И во Киёви у вас всё ле нонь по-прежному?»
Говорит на то ему калика, ответ доржит:
«И во городи у нас да не по-старому,
И во Киёви у нас да не по-прежному:
Заселилось ведь ко князю ко Владимеру
Кабы то ищэ Идо́лищо поганоё,
Как не малоё-то Идолищо поганоё:
Вышину-де как Идолищо-то трёх саже́н,
Он-де трёх сажень, да он печатныих,
Ширину-де Идолищо — коса сажень,
И коса где сажень да и печатная;
Голова-то у ёго силь<н>ёй пивной котёл,
Кабы ушища у его, как царски блюдища,
Кабы глазища у его, как сильни чашища,
Кабы ручища у его, как будто граблища,
Уж бы ножища у его — сильни кичинища.
Заселился он ко князю ко Владимеру,
Как во ту его во гриню княженевскую,
Меж князём он сидит да меж княгиною,
У княгины-то держит да руки в пазухи,
Он пониже опускат руки — окол черева;
Кабы князь-от тут сидит нецё говорить не смет».
Ка’ сказала ему калика перехожая,
Уж тому-де ка’ удалу добру молодцу,
Говорит на то удалой доброй молодец:
«Уж ты ой еси, калика перехожая,
Ты ёмменимсе со мной ты платьём чветныим».

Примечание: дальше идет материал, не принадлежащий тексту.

(* Expand with [cond_prod_forget]; the inner sum over [b] is bounded by
   [norm_sum_mean0_le], every path of [N.+1] letters having weight at least
   [d ^+ N.+1], and summing the bound over the [#|A| ^ N] words [c] gives [rho]. *)
Lemma cond_prod_contract r w (M : R[i]) : nontriv (size w) ->
  (forall u, size u = (size w + N).+1 -> `|cond_prod r u| <= M) ->
  `|cond_prod (N.+1 + r) w| <= rho%:C * M.
Proof.
move=> nt_w le_M.
have M_ge0 : 0 <= M.
  apply: le_trans (normr_ge0 _) (le_M (nseq (size w + N).+1 0) _).
  by rewrite size_nseq.
rewrite cond_prod_forget; apply: le_trans (ler_norm_sum _ _ _) _.
apply: (@le_trans _ _ (\sum_(c <- allwords A N) M *
   (\sum_(b : A) qseq (lastN w) b * path_prob (rcons w b) c - #|A|%:R * d ^+ N.+1)%:C)).
  rewrite big_seq_cond [X in _ <= X]big_seq_cond.
  apply: ler_sum => c /andP[/size_allwords size_c _].
  rewrite !normrM; apply: ler_pM; rewrite ?mulr_ge0 ?normr_ge0 //.
    rewrite -[X in _ <= X]mul1r; apply: ler_pM; rewrite ?normr_ge0 //.
      exact: norm_prod_char_le1.
    by apply: le_M; rewrite size_cat size_nseq size_c addSn.
  apply: norm_sum_mean0_le => [|//|b]; first exact: sum_G_nontriv.
  rewrite exprS; apply: ler_pM; rewrite ?exprn_ge0 ?(ltW d_gt0) ?d_le_qseq //.
  by have := path_prob_ge (rcons w b) c; rewrite size_c.
rewrite -mulr_sumr mulrC ler_wpM2r // -raddf_sum /= sumrB lecR exchange_big /=.
under eq_bigr do rewrite -mulr_sumr sum_path_prob mulr1.
rewrite sum_qseq sum_allwords_const -[_ *+ (#|A| ^ N)]mulr_natr /rho natrX exprMn !exprS.
by rewrite le_eqVlt; apply/orP; left; apply/eqP; ring.
Qed.

Lemma cond_prod_bound n r w : (N <= size w)%N ->
  (N.+1 * n <= count nontriv (iota (size w) r))%N ->
  `|cond_prod r w| <= (rho ^+ n)%:C.
Proof.
elim: n r w => [|n IHn] r w Nw.
  rewrite expr0 rmorph1 => _; elim: r w Nw => [|r IH] w Nw; first by rewrite normr1.
  by apply: cond_prod_step_le => b; apply: IH; rewrite size_rcons leqW.
elim: r w Nw => [|r IHr] w Nw count_nt; first by move: count_nt; rewrite leqn0 muln_eq0.
case nt_w: (nontriv (size w)); last first.
  apply: cond_prod_step_le => b; apply: IHr; first by rewrite size_rcons leqW.
  by move: count_nt; rewrite /= nt_w size_rcons.
have count_r := count_size nontriv (iota (size w) r.+1); rewrite size_iota in count_r.
have count_N := count_size nontriv (iota (size w) N.+1); rewrite size_iota in count_N.
have [k def_r] : exists k, r.+1 = (N.+1 + k)%N.
  by exists (r - N)%N; move: count_nt count_r; rewrite mulnS; lia.
rewrite def_r in count_nt *; rewrite exprS rmorphM /=.
apply: cond_prod_contract => // u size_u; apply: IHn; first by rewrite size_u; lia.
move: count_nt; rewrite size_u -addnS iotaD count_cat mulnS; lia.
Qed.

Variable P : seq A -> R.
Hypothesis P_ge0 : forall u, 0 <= P u.
Hypothesis P_rcons : forall u b, (N <= size u)%N -> P (rcons u b) = P u * qseq (lastN u) b.
Hypothesis sum_P : \sum_(a <- allwords A N) P a = 1.

Lemma sum_P_prod_char r u : (N <= size u)%N ->
  \sum_(c <- allwords A r) (P (u ++ c))%:C * prod_char (size u) c =
  (P u)%:C * cond_prod r u.
Proof.
elim: r u => [|r IH] u Nu; first by rewrite big_allwords0 cats0 /= !mulr1.
rewrite big_allwordsS /= big_distrr /=; apply: eq_bigr => b _.
transitivity (G (size u) b * \sum_(c <- allwords A r)
    (P (rcons u b ++ c))%:C * prod_char (size (rcons u b)) c).
  by rewrite big_distrr size_rcons; apply: eq_bigr => c _ /=; rewrite cat_rcons; ring.
by rewrite IH ?size_rcons ?leqW // P_rcons // rmorphM /=; ring.
Qed.

Lemma norm_sum_P_prod_char_le n r : (N.+1 * n <= count nontriv (iota N r))%N ->
  `|\sum_(w <- allwords A (N + r)) (P w)%:C * prod_char 0 w| <= (rho ^+ n)%:C.
Proof.
move=> count_nt; rewrite big_allwords_cat.
under eq_big_allwords => u size_u.
  rewrite (eq_bigr (fun v => prod_char 0 u * ((P (u ++ v))%:C * prod_char (size u) v)));
    last by move=> v _; rewrite prod_char_cat add0n; ring.
  rewrite -big_distrr /= sum_P_prod_char ?size_u //.
  over.
apply: le_trans (ler_norm_sum _ _ _) _.
apply: (@le_trans _ _ (\sum_(u <- allwords A N) (P u)%:C * (rho ^+ n)%:C)).
  rewrite big_seq_cond [X in _ <= X]big_seq_cond.
  apply: ler_sum => u /andP[/size_allwords size_u _].
  rewrite !normrM (ger0_norm (x := (P u)%:C)) ?ler0c // mulrCA ler_wpM2l ?ler0c //.
  rewrite -[X in _ <= X]mul1r; apply: ler_pM; rewrite ?normr_ge0 //.
    exact: norm_prod_char_le1.
  by apply: cond_prod_bound; rewrite size_u.
by rewrite -mulr_suml -raddf_sum /= sum_P mul1r.
Qed.

End CondProd.

Lemma sum_eq_natr_mul (T : finType) (V : pzSemiRingType) (c : T) (F : T -> V) :
  \sum_(b : T) (c == b)%:R * F b = F c.
Proof.
rewrite (bigD1 c) //= eqxx mul1r big1 ?addr0 // => b b_neq_c.
by rewrite eq_sym (negbTE b_neq_c) mul0r.
Qed.

Section Cylinders.
Variable A : finZmodType.
Local Open Scope classical_set_scope.

Lemma cyl_nil m : cyl m [::] = [set: config A].
Proof. by apply/seteqP; split => x //= _ i; rewrite ltn0. Qed.

Lemma cyl_rcons m (u : seq A) b :
  cyl m (rcons u b) = cyl m u `&` [set x | x (m + (size u)%:Z) = b].
Proof.
apply/seteqP; split => x /=.
- move=> xub; split; last by have := xub (size u); rewrite size_rcons nth_rcons ltnn eqxx; apply.
  by move=> i iu; have := xub i; rewrite size_rcons nth_rcons iu; apply; apply: ltnW.
- case=> xu xb i; rewrite size_rcons ltnS leq_eqVlt => /orP[/eqP->|iu].
    by rewrite nth_rcons ltnn eqxx.
  by rewrite nth_rcons iu; apply: xu.
Qed.

Lemma cyl_cons m b (w : seq A) : cyl m (b :: w) = [set x | x m = b] `&` cyl (m + 1) w.
Proof.
apply/seteqP; split => x /=.
- move=> xbw; split; first by have := xbw 0%N; rewrite addr0; apply.
  by move=> i iw; have := xbw i.+1; rewrite intS addrA; apply.
- by case=> xb xw [|i] iw; rewrite ?addr0 // intS addrA; apply: xw.
Qed.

Говорит на то калика перехожая:
«Уж ты ой еси, удалой доброй молодец!
У тебя-де нонь да платьичо хорошоё,
У меня-то-де платьичо калическо,
Всё изношено у меня платьё, все изорвано».
Уж на то-де молодец не соглашаетсе,
Говорил ён калики во второй након:
«Уж ты ой еси, калика перехожая,
А ёмменимся со мной ты платьём чветныим».
Уж на то ёпеть калика вновь ответ доржит:
«Уж ты ой еси, удалой доброй молодеч,
Уж на цё ты ле нонь да обзадорилса?
У мня платьё на сибе да всё изношено».
Говорит тут молодец да во третей након:
«Уж ты ой еси, калика перехожая,
Уж омменимсе с тобой мы платьём чветныим».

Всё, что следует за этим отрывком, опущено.